How do I do multi Class (multi head) classification?

I want to use BERT models to do multi Class (multi head) classification. I have text and want to do a binary classification for churn and one binary classification for sentiment.

Is that possible “out of the box”? Or do I have to develop my own “BertForSequenceClassification” Class?


This is all in the loss function, so you can definitely use BertForSequenceClassification with two labels, then use the proper loss function (probably BCEWithLogitsLoss).

1 Like

Well - this is connected to this question: BertForSequenceClassification only seems to have linear activation at the end - is this a bug?

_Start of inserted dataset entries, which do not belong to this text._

(* Let $a,b,c,d\in\mathbb{C}\setminus\{0\}$ and let $s$ be the polynomial vector field on $\mathbb{A}^2$ associated to the Lotka–Volterra system \[ X'=X(aY+b),\qquad Y'=Y(cX+d). \] If $b\neq d$, the only irreducible invariant curves of $s$ defined over $\mathbb{C}$ are $X=0$ and $Y=0$. If $b=d$, the only irreducible invariant curves of $s$ defined over $\mathbb{C}$ are $X=0$, $Y=0$ and $cX-aY=0$.
   Context: For $P\in\mathbb{C}[X,Y]$, the Lie derivative along $s$ is $\mathcal{L}_s(P)=X(aY+b)\,\partial P/\partial X+Y(cX+d)\,\partial P/\partial Y$. A nonzero polynomial $P$ is invariant if $P$ divides $\mathcal{L}_s(P)$; an (irreducible) invariant curve over $\mathbb{C}$ is the zero set of an (irreducible) invariant polynomial $P\in\mathbb{C}[X,Y]$. *)

From HB Require Import structures.
From mathcomp Require Import all_boot all_order all_algebra.
From mathcomp Require Import complex.
From mathcomp Require Import reals.
Set Implicit Arguments. Unset Strict Implicit. Unset Printing Implicit Defensive.
Import Order.TTheory GRing.Theory Num.Theory.
Local Open Scope ring_scope.

(* Bivariate polynomials C[X,Y] are represented as {poly {poly C}}: the
   inner polynomial variable is X, the outer one is Y. *)
Section LV.
Variable R : realType.
Local Notation C := (R[i]).
Local Notation Poly2 := ({poly {poly C}}).

Definition varX : Poly2 := ('X : {poly C})%:P.
Definition varY : Poly2 := 'X.
Definition cst2 (k : C) : Poly2 := k%:P%:P.

Definition dX (P : Poly2) : Poly2 := map_poly (fun q : {poly C} => q^`()) P.
Definition dY (P : Poly2) : Poly2 := P^`().

Definition eval2 (P : Poly2) (x y : C) : C := (P.[y%:P]).[x].

Definition lie (a b c d : C) (P : Poly2) : Poly2 :=
  varX * (cst2 a * varY + cst2 b) * dX P + varY * (cst2 c * varX + cst2 d) * dY P.

Definition invariant (a b c d : C) (P : Poly2) : Prop :=
  P != 0 /\ exists Q : Poly2, lie a b c d P = Q * P.

Definition irreducible2 (P : Poly2) : Prop :=
  P != 0 /\ ~ (P \is a GRing.unit) /\
  forall Q S : Poly2, P = Q * S -> Q \is a GRing.unit \/ S \is a GRing.unit.

Definition irr_inv_curve (a b c d : C) (S : C * C -> Prop) : Prop :=
  exists P : Poly2, irreducible2 P /\ invariant a b c d P /\
    forall p : C * C, S p <-> eval2 P p.1 p.2 = 0.
End LV.
(* Let $d,m,n\ge1$, $\alpha=\omega^d\cdot m$, $k\ge1$, $i\ge0$. Suppose that $(X_\ell:\ell<2^in-2^i+1)$ is a stack of $(\alpha,k,i)$-persistent sets. Then $\bigcup_\ell X_\ell$ is $(\alpha\cdot n,k,i)$-persistent, where $\alpha\cdot n$ denotes $\omega^d\cdot(mn)$.
   Context: Strings are finite binary strings with $\preceq$ the initial-segment order; $2^i$ also denotes the set of strings of length $i$; a tree is a set of strings closed under initial segments; a leaf of a finite tree is a $\preceq$-maximal element. For finite $X=\{x_0<\dots<x_n\}$, a finite tree $T$ is $X$-quasistrong if $T\cap 2^{x_i}\ne\emptyset$ for all $i\le n$ and for each $i<n$ every $\sigma\in T\cap2^{x_i}$ has exactly two incompatible extensions in $T\cap 2^{x_{i+1}}$. A stack is a sequence $(X_\ell:\ell<N)$ of nonempty finite sets with $\max X_\ell<\min X_{\ell+1}$. Largeness: $X$ is $\omega$-large if $|X|>\min X$; $X$ is $\omega^d\cdot n$-large if it is the union of a stack of $n$ many $\omega^d$-large sets; $X$ is $\omega^{d+1}$-large if $X=\{\min X\}\cup X_1$ with $\min X_1>\min X$ and $X_1$ $\omega^d\cdot\min X$-large. Persistence ($d,m,k\ge1$, $\alpha=\omega^d\cdot m$, $X$ nonempty finite): $X$ is $(\alpha,k,0)$-persistent iff $\alpha$-large; for $i\ge1$, $X$ is $(\alpha,k,i)$-persistent iff $X$ contains an $(\alpha,k,i-1)$-persistent subset $Y$ such that for every $X$-quasistrong tree $T$ and every $C:T\cap 2^{\max X}\to k$ there exist $c<k$ and a $Y$-quasistrong finite tree $S\subseteq T$ all of whose leaves have extensions in $C^{-1}(c)$. *)

From mathcomp Require Import all_boot.
Set Implicit Arguments. Unset Strict Implicit. Unset Printing Implicit Defensive.

(* Conventions:
   - binary strings are [seq bool]; [prefix s t] is the initial-segment order s ⪯ t;
   - a nonempty finite set of naturals X = {x_0 < ... < x_n} is represented by the
     strictly increasing sequence [:: x_0; ...; x_n] (so min X = head, max X = last);
   - a finite set of strings (e.g. a finite tree) is a [seq (seq bool)] (membership \in). *)

Definition string := seq bool.

Definition nat_set (X : seq nat) : Prop := sorted ltn X.

Definition set_min (X : seq nat) : nat := head 0 X.
Definition set_max (X : seq nat) : nat := last 0 X.

Definition is_stack (Xs : seq (seq nat)) : Prop :=
  (forall X, X \in Xs -> X != [::] /\ nat_set X) /\
  (forall l, l.+1 < size Xs ->
     set_max (nth [::] Xs l) < set_min (nth [::] Xs l.+1)).

(* wl d X  <->  X is omega^(d+1)-large.
   omega-large: |X| > min X.
   omega^(d+2)-large: X = {min X} ∪ X1, X1 nonempty with min X1 > min X, and X1 is
   omega^(d+1)·(min X)-large, i.e. the union of a stack of (min X) many
   omega^(d+1)-large sets. *)
Fixpoint wl (d : nat) (X : seq nat) {struct d} : Prop :=
  match d with
  | 0 => set_min X < size X
  | d'.+1 =>
      match X with
      | [::] => False
      | x :: X1 =>
          X1 != [::] /\ x < head 0 X1 /\
          exists Ys : seq (seq nat),
            [/\ size Ys = x, is_stack Ys,
                (forall Y, Y \in Ys -> wl d' Y) & flatten Ys = X1]
      end
  end.

(* omega^d-large, for d >= 1 *)
Definition omega_large (d : nat) (X : seq nat) : Prop := wl d.-1 X.

Definition large (d m : nat) (X : seq nat) : Prop :=
  exists Ys : seq (seq nat),
    [/\ size Ys = m, is_stack Ys,
        (forall Y, Y \in Ys -> omega_large d Y) & flatten Ys = X].

Definition is_tree (T : seq string) : Prop :=
  forall t, t \in T -> forall s, prefix s t -> s \in T.

Definition incompatible (s t : string) : bool := ~~ prefix s t && ~~ prefix t s.

Definition leaf (T : seq string) (s : string) : Prop :=
  s \in T /\ forall t, t \in T -> prefix s t -> t = s.

Definition quasistrong (X : seq nat) (T : seq string) : Prop :=
  is_tree T /\
  (forall x, x \in X -> exists s, s \in T /\ size s = x) /\
  (forall j, j.+1 < size X ->
     forall s, s \in T -> size s = nth 0 X j ->
       exists t1 t2,
         [/\ t1 \in T, t2 \in T, size t1 = nth 0 X j.+1, size t2 = nth 0 X j.+1 &
         [/\ prefix s t1, prefix s t2, t1 != t2, incompatible t1 t2 &
             forall t, t \in T -> size t = nth 0 X j.+1 -> prefix s t ->
               t = t1 \/ t = t2]]).

Fixpoint persistent (d m k i : nat) (X : seq nat) {struct i} : Prop :=
  match i with
  | 0 => large d m X
  | i'.+1 =>
      exists Y : seq nat,
        [/\ nat_set Y, Y != [::], {subset Y <= X}, persistent d m k i' Y &
        forall T : seq string, quasistrong X T ->
          forall C : string -> 'I_k,
            exists (c : 'I_k) (S : seq string),
              [/\ {subset S <= T}, quasistrong Y S &
                  forall s, leaf S s ->
                    exists t, [/\ t \in T, size t = set_max X, prefix s t & C t = c]]]
  end.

Why is it only a thing of the loss function? IMO the different classification methods need different last layer activation functions. Binary Class needs sigmoid, one of multiple classes needs softmax and multiple of multi class needs sigmoid again. But somehow you always seem to have a linear (no) activation at the end. @sgugger

Isn’t this a bug?

In PyTorch, the activation is often combined with the loss for numerical stability and speed. That’s why I say it’s all in the loss.

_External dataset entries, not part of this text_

(* Let $W\in C^1(\mathbb{R})$ satisfy (W-i) there is $\eta>0$ with $W(s)\geq\eta s^2$ for $|s|\leq1$ and $W(s)\geq\eta$ for $|s|\geq1$; (W-ii) $W''(0)=1$; (W-iii) there are $M>0$, $\alpha\in[0,2)$ with $W(s)\leq M|s|^\alpha$ for $s\geq0$. Let $\mathbf{u}_n$ be a sequence in $X$ with $E(\mathbf{u}_n)\to0$. Then, up to a subsequence, $\|\mathbf{u}_n\|\to0$.
   Context: $X=H^2(\mathbb{R})\times L^2(\mathbb{R})$ with elements $\mathbf{u}=(u,v)$ and norm $\|\mathbf{u}\|^2=\int(v^2+u_{xx}^2+u^2)\,dx$; $E(\mathbf{u})=\frac12\int(v^2+u_{xx}^2)\,dx+\int W(u)\,dx$. *)

From HB Require Import structures.
From mathcomp Require Import all_boot all_order all_algebra.
From mathcomp Require Import all_classical all_reals all_analysis.
Set Implicit Arguments. Unset Strict Implicit. Unset Printing Implicit Defensive.
Import Order.TTheory GRing.Theory Num.Theory.
Import numFieldNormedType.Exports.
Local Open Scope classical_set_scope.
Local Open Scope ring_scope.

Section Defs.
Variable R : realType.
Local Notation mu := (@lebesgue_measure R).

Definition L2 (f : R -> R) : Prop :=
  measurable_fun setT f /\ mu.-integrable setT (fun x => (f x ^+ 2)%:E).

(* g is the weak (a.e.) derivative of the function f, i.e. f is absolutely
   continuous with f(b) - f(a) = \int_a^b g. *)
Definition weak_deriv (f g : R -> R) : Prop :=
  (forall a b : R, mu.-integrable `[a, b] (fun x => (g x)%:E)) /\
  (forall a b : R, a <= b -> f b - f a = \int[mu]_(x in `[a, b]) g x).

(* u in H^2(R), with (representatives of) weak first derivative du and
   weak second derivative ddu. *)
Definition H2 (u du ddu : R -> R) : Prop :=
  [/\ L2 u, L2 du, L2 ddu, weak_deriv u du & weak_deriv du ddu].

Definition inX (u du ddu v : R -> R) : Prop := H2 u du ddu /\ L2 v.

Definition Xnorm (u ddu v : R -> R) : R :=
  Num.sqrt (fine (\int[mu]_x ((v x ^+ 2 + ddu x ^+ 2 + u x ^+ 2)%:E))).

Definition Energy (W : R -> R) (u ddu v : R -> R) : \bar R :=
  ((2^-1)%:E * \int[mu]_x ((v x ^+ 2 + ddu x ^+ 2)%:E)
   + \int[mu]_x ((W (u x))%:E))%E.

End Defs.

From HB Require Import structures.
From mathcomp Require Import all_boot all_order all_algebra.
From mathcomp Require Import all_classical all_reals all_analysis.
From mathcomp Require Import ring lra measurable_realfun.
Set Implicit Arguments. Unset Strict Implicit. Unset Printing Implicit Defensive.
Import Order.TTheory GRing.Theory Num.Theory.
Import numFieldNormedType.Exports.
Local Open Scope classical_set_scope.
Local Open Scope ring_scope.

(* Small energy forces [|u| <= 2] everywhere. Indeed [\int u_xx^2 <= 2 E], and
   [|g| <= 1/4 + g^2] gives [|u(y) - u(x0) - u'(x0)(y - x0)| <= 1/4 + 2 E] for
   [|y - x0| <= 1]. If [|u(x0)| > 2] and [E <= 1/8], then on the unit interval
   on the side where this tangent moves away from [0] we get [|u| >= 1], hence
   [\int W(u) >= eta], impossible once [E < eta]. On [|s| <= 2], (W-i) yields
   [W(s) >= (eta/4) s^2], so [||u||^2 <= (2 + 4/eta) E]. *)

Section small_energy.
Variable R : realType.
Local Notation mu := (@lebesgue_measure R).

Lemma fine_le_EFin (x : \bar R) (r : R) : (0 <= x)%E -> (x <= r%:E)%E -> fine x <= r.
Proof. by case: x => //= w; rewrite !lee_fin. Qed.

Lemma lebesgue_measure_itv_cc (a b : R) : a <= b -> mu `[a, b] = (b - a)%:E.
Proof.
move=> ab; rewrite lebesgue_measure_itv /= lte_fin.
by case: ltgtP ab => // -> _; rewrite subrr.
Qed.

Lemma integrable_itv_cst (a b k : R) : mu.-integrable `[a, b] (EFin \o cst k).
Proof.
apply/integrableP; split; first exact/measurable_EFinP/measurable_cst.
rewrite (_ : (fun x => `|(EFin \o cst k) x|)%E = cst `|k|%:E); last exact/funext.
rewrite integral_cst //= lebesgue_measure_itv /=.
by case: ifP => _; rewrite ?mule0 // -EFinD -EFinM ltry.
Qed.

Lemma Rintegral_itv_cst (a b k : R) : a <= b ->
  \int[mu]_(x in `[a, b]) k = k * (b - a).
Proof.
by move=> ab; rewrite Rintegral_cst // (congr1 fine (lebesgue_measure_itv_cc ab)).
Qed.

Lemma Rintegral_itv_near_cst (G : R -> R) (a b c K : R) : a <= b ->
  mu.-integrable `[a, b] (EFin \o G) ->
  (forall t, a <= t <= b -> `|G t - c| <= K) ->
  `|\int[mu]_(x in `[a, b]) G x - c * (b - a)| <= K * (b - a).
Proof.
move=> ab iG GK.
have le_cst (f g : R -> R) : mu.-integrable `[a, b] (EFin \o f) ->
    mu.-integrable `[a, b] (EFin \o g) -> (forall t, a <= t <= b -> f t <= g t) ->
    \int[mu]_(x in `[a, b]) f x <= \int[mu]_(x in `[a, b]) g x.
  by move=> iF iG' fg; apply: le_Rintegral => // x; rewrite /= in_itv => /fg.
have lo : (c - K) * (b - a) <= \int[mu]_(x in `[a, b]) G x.
  rewrite -Rintegral_itv_cst //; apply: le_cst => // [|t /GK]; first exact: integrable_itv_cst.
  by rewrite ler_norml; lra.
have hi : \int[mu]_(x in `[a, b]) G x <= (c + K) * (b - a).
  rewrite -Rintegral_itv_cst //; apply: le_cst => // [|t /GK]; first exact: integrable_itv_cst.
  by rewrite ler_norml; lra.
by rewrite ler_norml; apply/andP; split; nra.
Qed.

Lemma weak_deriv_tangent_bound (F G : R -> R) (x0 y K : R) : weak_deriv F G ->
  (forall t, `|t - x0| <= `|y - x0| -> `|G t - G x0| <= K) ->
  `|F y - F x0 - G x0 * (y - x0)| <= K * `|y - x0|.
Proof.
move=> [iG FG] GK.
have near_x0 a b : a <= b -> (a = x0 \/ b = x0) -> `|y - x0| = b - a ->
    forall t, a <= t <= b -> `|G t - G x0| <= K.
  move=> ab ax0 d t /andP[ta tb]; apply: GK; rewrite d ler_norml.
  by case: ax0 => ?; subst; apply/andP; split; lra.
have [x0y|yx0] := boolP (x0 <= y); last rewrite -ltNge in yx0.
- have d : `|y - x0| = y - x0 by rewrite ger0_norm // subr_ge0.
  rewrite FG // d; apply: Rintegral_itv_near_cst => //.
  exact: near_x0 x0y (or_introl erefl) d.
- have d : `|y - x0| = x0 - y by rewrite ltr0_norm ?opprB // subr_lt0.
  rewrite d -[F y - F x0]opprB (FG _ _ (ltW yx0)) -normrN.
  set I := \int[mu]_(x in `[y, x0]) G x.
  have -> : - (- I - G x0 * (y - x0)) = I - G x0 * (x0 - y) by ring.
  apply: Rintegral_itv_near_cst => //; first exact: ltW.
  exact: near_x0 (ltW yx0) (or_intror erefl) d.
Qed.

Lemma norm_Rintegral_itv_le_L2 (G : R -> R) (a b S : R) : a <= b ->
  mu.-integrable `[a, b] (EFin \o G) ->
  mu.-integrable setT (fun x => (G x ^+ 2)%:E) ->
  (\int[mu]_x ((G x ^+ 2)%:E) <= S%:E)%E ->
  `|\int[mu]_(x in `[a, b]) G x| <= (b - a) / 4 + S.
Proof.
move=> ab iG iG2 G2S.
have iG2ab : mu.-integrable `[a, b] (EFin \o (fun x => G x ^+ 2)).
  exact: integrableS iG2.
have iC := integrable_itv_cst a b 4^-1.
apply: (le_trans (le_normr_Rintegral _ iG)) => //.
apply: (@le_trans _ _ (\int[mu]_(x in `[a, b]) (4^-1 + G x ^+ 2))).
  apply: le_Rintegral => //; first exact: integrable_norm.
    exact: integrableD iC iG2ab.
  (* [|g| <= 1/4 + g^2] since [(|g| - 1/2)^2 >= 0] *)
  move=> x _ /=; have := sqr_ge0 (`|G x| - 2^-1).
  by rewrite -[G x ^+ 2]real_normK ?num_real //; nra.
rewrite RintegralD // Rintegral_itv_cst // mulrC; apply: lerD => //.
have G2ge0 x : (0 <= (G x ^+ 2)%:E)%E by rewrite lee_fin sqr_ge0.
rewrite /Rintegral fine_le_EFin ?integral_ge0 //; apply: le_trans G2S.
by apply: ge0_subset_integral => //; exact: measurable_int iG2.
Qed.

Lemma weak_deriv2_tangent_bound (u du ddu : R -> R) (x0 y S : R) :
  weak_deriv u du -> weak_deriv du ddu ->
  mu.-integrable setT (fun x => (ddu x ^+ 2)%:E) ->
  (\int[mu]_x ((ddu x ^+ 2)%:E) <= S%:E)%E -> `|y - x0| <= 1 ->
  `|u y - u x0 - du x0 * (y - x0)| <= 4^-1 + S.
Proof.
move=> uu' [iddu du_ddu] iddu2 ddu2S yx0.
have S0 : 0 <= S.
  by rewrite -lee_fin (le_trans _ ddu2S) // integral_ge0 // => x _; rewrite lee_fin sqr_ge0.
apply: (le_trans (weak_deriv_tangent_bound (K := 4^-1 + S) uu' _)); last first.
  by rewrite ler_piMr ?addr_ge0.
move=> t /le_trans /(_ yx0) tx0.
have [x0t|] := boolP (x0 <= t); last rewrite -ltNge => /ltW tx0'.
- rewrite du_ddu //.
  apply: le_trans (norm_Rintegral_itv_le_L2 x0t (iddu _ _) iddu2 ddu2S) _.
  by rewrite lerD2r ler_pdivrMr //; move: tx0; rewrite ger0_norm ?subr_ge0; lra.
- rewrite -normrN opprB du_ddu //.
  apply: le_trans (norm_Rintegral_itv_le_L2 tx0' (iddu _ _) iddu2 ddu2S) _.
  by rewrite lerD2r ler_pdivrMr //; move: tx0; rewrite distrC ger0_norm ?subr_ge0; lra.
Qed.

Lemma norm_ge1_near_tangent (c e w : R) : 2 < `|c| -> 0 <= c * e ->
  `|w - c - e| <= 4^-1 + 4^-1 -> 1 <= `|w|.
Proof.
move=> c2 ce; rewrite ler_norml => /andP[lo hi].
have [c0|c0] := lerP 0 c.
- rewrite ger0_norm // in c2; have e0 : 0 <= e by nra.
  by rewrite ger0_norm; lra.
- rewrite ltr0_norm // in c2; have e0 : e <= 0 by nra.
  by rewrite ltr0_norm; lra.
Qed.

Lemma integral_ge_on_unit_itv (f : R -> R) (eta a : R) : 0 <= eta ->
  (forall x, 0 <= f x) -> measurable_fun setT (EFin \o f) ->
  (forall x, a <= x <= a + 1 -> eta <= f x) ->
  (eta%:E <= \int[mu]_x (f x)%:E)%E.
Proof.
move=> eta0 f0 mf feta.
have a1 : a <= a + 1 by rewrite lerDl.
apply: (@le_trans _ _ (\int[mu]_(x in `[a, (a + 1)%R]) (f x)%:E)%E); last first.
  by apply: ge0_subset_integral => // x _; rewrite lee_fin.
apply: (@le_trans _ _ (\int[mu]_(x in `[a, (a + 1)%R]) (cst eta%:E x))%E).
  rewrite integral_cst //; set m := (X in (_ * X)%E).
  have -> : m = (a + 1 - a)%:E by exact: lebesgue_measure_itv_cc.
  by rewrite addrAC subrr add0r mule1.
by apply: ge0_le_integral => //; exact: measurable_funS mf.
Qed.

Lemma norm_le2_of_small_W_integral (W u du ddu : R -> R) (eta : R) :
  0 < eta -> (forall s, 0 <= W s) -> (forall s, 1 <= `|s| -> eta <= W s) ->
  measurable_fun setT (EFin \o (W \o u)) ->
  weak_deriv u du -> weak_deriv du ddu ->
  mu.-integrable setT (fun x => (ddu x ^+ 2)%:E) ->
  (\int[mu]_x ((ddu x ^+ 2)%:E) <= (4^-1)%:E)%E ->
  (\int[mu]_x ((W (u x))%:E) < eta%:E)%E ->
  forall x0, `|u x0| <= 2.
Proof.
move=> eta0 W0 Weta mWu uu' du_ddu iddu2 ddu2 Wu x0.
rewrite leNgt; apply/negP => u2.
pose a := if 0 <= u x0 * du x0 then x0 else x0 - 1.
have side y : a <= y <= a + 1 -> `|y - x0| <= 1 /\ 0 <= u x0 * (du x0 * (y - x0)).
  rewrite /a mulrA ler_norml; case: ifP => s /andP[? ?].
  - by split; [apply/andP; split; lra | apply: mulr_ge0 => //; lra].
  - move/negbT: s; rewrite -ltNge => s.
    by split; [apply/andP; split; lra | apply: mulr_le0; [exact: ltW | lra]].
suff : (eta%:E <= \int[mu]_x ((W (u x))%:E))%E by rewrite leNgt Wu.
apply: (integral_ge_on_unit_itv (a := a)) => // [|y /side [yx0 s]]; first exact: ltW.
apply: Weta; apply: (norm_ge1_near_tangent u2 s).
exact: weak_deriv2_tangent_bound uu' du_ddu iddu2 ddu2 yx0.
Qed.

Definition quadratic_well (W : R -> R) (eta : R) : Prop :=
  [/\ 0 < eta, forall s, `|s| <= 1 -> eta * s ^+ 2 <= W s
             & forall s, 1 <= `|s| -> eta <= W s].

Lemma quadratic_well_ge0 (W : R -> R) (eta s : R) : quadratic_well W eta -> 0 <= W s.
Proof.
case=> eta0 Wsmall Wlarge; have [s1|s1] := lerP `|s| 1.
- by apply: le_trans (Wsmall s s1); rewrite mulr_ge0 ?sqr_ge0 ?ltW.
- by apply: le_trans (Wlarge s (ltW s1)); rewrite ltW.
Qed.

Lemma quadratic_well_ge_sqr (W : R -> R) (eta s : R) : quadratic_well W eta ->
  `|s| <= 2 -> eta / 4 * s ^+ 2 <= W s.
Proof.
case=> eta0 Wsmall Wlarge s2; rewrite -[s ^+ 2]real_normK ?num_real //.
have s0 := normr_ge0 s; have [s1|s1] := lerP `|s| 1.
- by move: (Wsmall s s1); rewrite -[s ^+ 2]real_normK ?num_real //; nra.
- have s4 : `|s| ^+ 2 <= 4 by nra.
  have : eta / 4 * `|s| ^+ 2 <= eta / 4 * 4 by rewrite ler_pM2l // divr_gt0.
  by rewrite divfK ?pnatr_eq0 //; have := Wlarge s (ltW s1); lra.
Qed.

Ahh ok. Thanks. When I want to calculate the metrics on the predictions in most cases a simple preds = pred.predictions.argmax(-1) is enough. There is no need to apply softmax or sigmoid infront of it. Only in the following cases I have to apply an “activation function” with numpy:

  • when I have multi label lassification I can not do argmax
  • when I want to compute metrics like ROC-AUC where I need “probability estimates”

@sgugger @valhalla is that right?

If you have in fact two binary classifications, wouldn’t you be better off using two binary classifiers instead of one with four labels?